Traditional methods for dealing with missing data include deletion methods and imputation methods. Both types are described in more detail in Enders (2010). The two most common deletion methods are listwise and pairwise deletion (Peugh and Enders, 2004). Listwise deletion, or complete case analysis, removes any observation with one or more missing values. A variant of this approach is pairwise deletion, or available-case analysis, which removes variables on an analysis-by-analysis case. The problem with either method is that it often introduces bias into the data set if the process that causes the data is not random. Furthermore in the case of pairwise deletion it results in the correlations in a correlation matrix potentially being based on different numbers of underlying observations (Little 1992; Marsh, 1998).

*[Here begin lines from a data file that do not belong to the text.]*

(* Let $G$ be a plane embedded graph whose external boundary is a simple cycle, and let $f$ be a convex combination map of $G$ which is an embedding. Then every bounded face of the straight-edge embedding determined by $f$ is convex.
   Context: Vertices on the external boundary cycle $C$ are external, others internal. A convex combination map of $G$ is a map $f$ from vertices to $\mathbb{R}^2$ such that the external vertices are mapped bijectively, in cyclic order along $C$, to the corners of a convex polygon $P$, and there are coefficients $\lambda_{uv}\ge0$, $\sum_v\lambda_{uv}=1$, $\lambda_{uv}>0$ iff ($u$ internal and $v$ a neighbour of $u$), with $f(u)=\sum_v\lambda_{uv}f(v)$ for every internal $u$. $f$ is an embedding if vertex images are distinct and the segments $[f(u),f(v)]$ for edges $\{u,v\}$ have pairwise disjoint relative interiors containing no vertex images. *)

From Stdlib Require Import Reals Lra List.
Import ListNotations.
Open Scope R_scope.

Definition pt := (R * R)%type.

Definition padd (a b : pt) : pt := (fst a + fst b, snd a + snd b).
Definition pscale (t : R) (a : pt) : pt := (t * fst a, t * snd a).

Definition lerp (a b : pt) (t : R) : pt := padd (pscale (1 - t) a) (pscale t b).

Definition closed_seg (a b x : pt) : Prop :=
  exists t, 0 <= t <= 1 /\ x = lerp a b t.
Definition open_seg (a b x : pt) : Prop :=
  exists t, 0 < t < 1 /\ x = lerp a b t.

Definition orient (a b c : pt) : R :=
  (fst b - fst a) * (snd c - snd a) - (snd b - snd a) * (fst c - fst a).

Fixpoint rsum (n : nat) (g : nat -> R) : R :=
  match n with
  | O => 0
  | S m => rsum m g + g m
  end.

Definition simple_graph (n : nat) (adj : nat -> nat -> Prop) : Prop :=
  (forall u v, adj u v -> (u < n)%nat /\ (v < n)%nat) /\
  (forall u v, adj u v -> adj v u) /\
  (forall u, ~ adj u u).

Definition simple_cycle (n : nat) (adj : nat -> nat -> Prop) (C : list nat) : Prop :=
  (3 <= length C)%nat /\ NoDup C /\ (forall v, In v C -> (v < n)%nat) /\
  (forall i, (i < length C)%nat ->
     adj (nth i C O) (nth (S i mod length C) C O)).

Another issue with deletion methods is that they wastefully reduce the sample size and thus mitigates the power of statistical methods. Especially in a case as ours, where the ESPON dataset is relatively small, an analyst cannot afford to further lose data. Hence an attempt at completing the missing data by the use of some imputation methods may be more sensible. Such methods include Mean/Median substitution, regression imputation, (and stochastic regression imputation which adds a random number from the distribution of residuals), hot-deck imputation (scores are taken from similar complete observations) or the method of last observation carried forward (LOCF).
Arithmetic mean imputation suggests the replacement of missing data by the arithmetic mean of the series. This however has widely been found to introduce bias into the data set (Brown, 1994; Enders and Bandalos, 2001; Gleason and Staelin, 1975). For instance, in our case, it is clear that this method fails to deliver a good estimate for missing data at the beginning of the series if the series has an overall rising trend. Also the missing data might be in the middle of the series and due to a change in trend throughout the series the mean could differ substantially from the closest observed data point on either side of the missing data. Replacement by the mean or the median of only nearby observations raises the questions of how many observed data points to use in the calculation and what if there are not enough. Also should observations that are closer to a missing point be considered more relevant? This is further complicated if data is missing in the middle of the series and there are nearby observations on either side. If for instance the years 2000–2005 are missing in an otherwise complete time series and we wish to impute the value for the year 2000, should the observed value of 2006 be used and if yes with what weighting? Again, if data is missing at the beginning of the series with a rising trend in the observed data, then replacing the missing data by the mean of any number of nearby observations would create a picture, which completely ignores the trend. Linear interpolation could be helpful in certain cases but will for instance struggle with missing data in the middle of the series if trends change from downwards to upwards or vice versa.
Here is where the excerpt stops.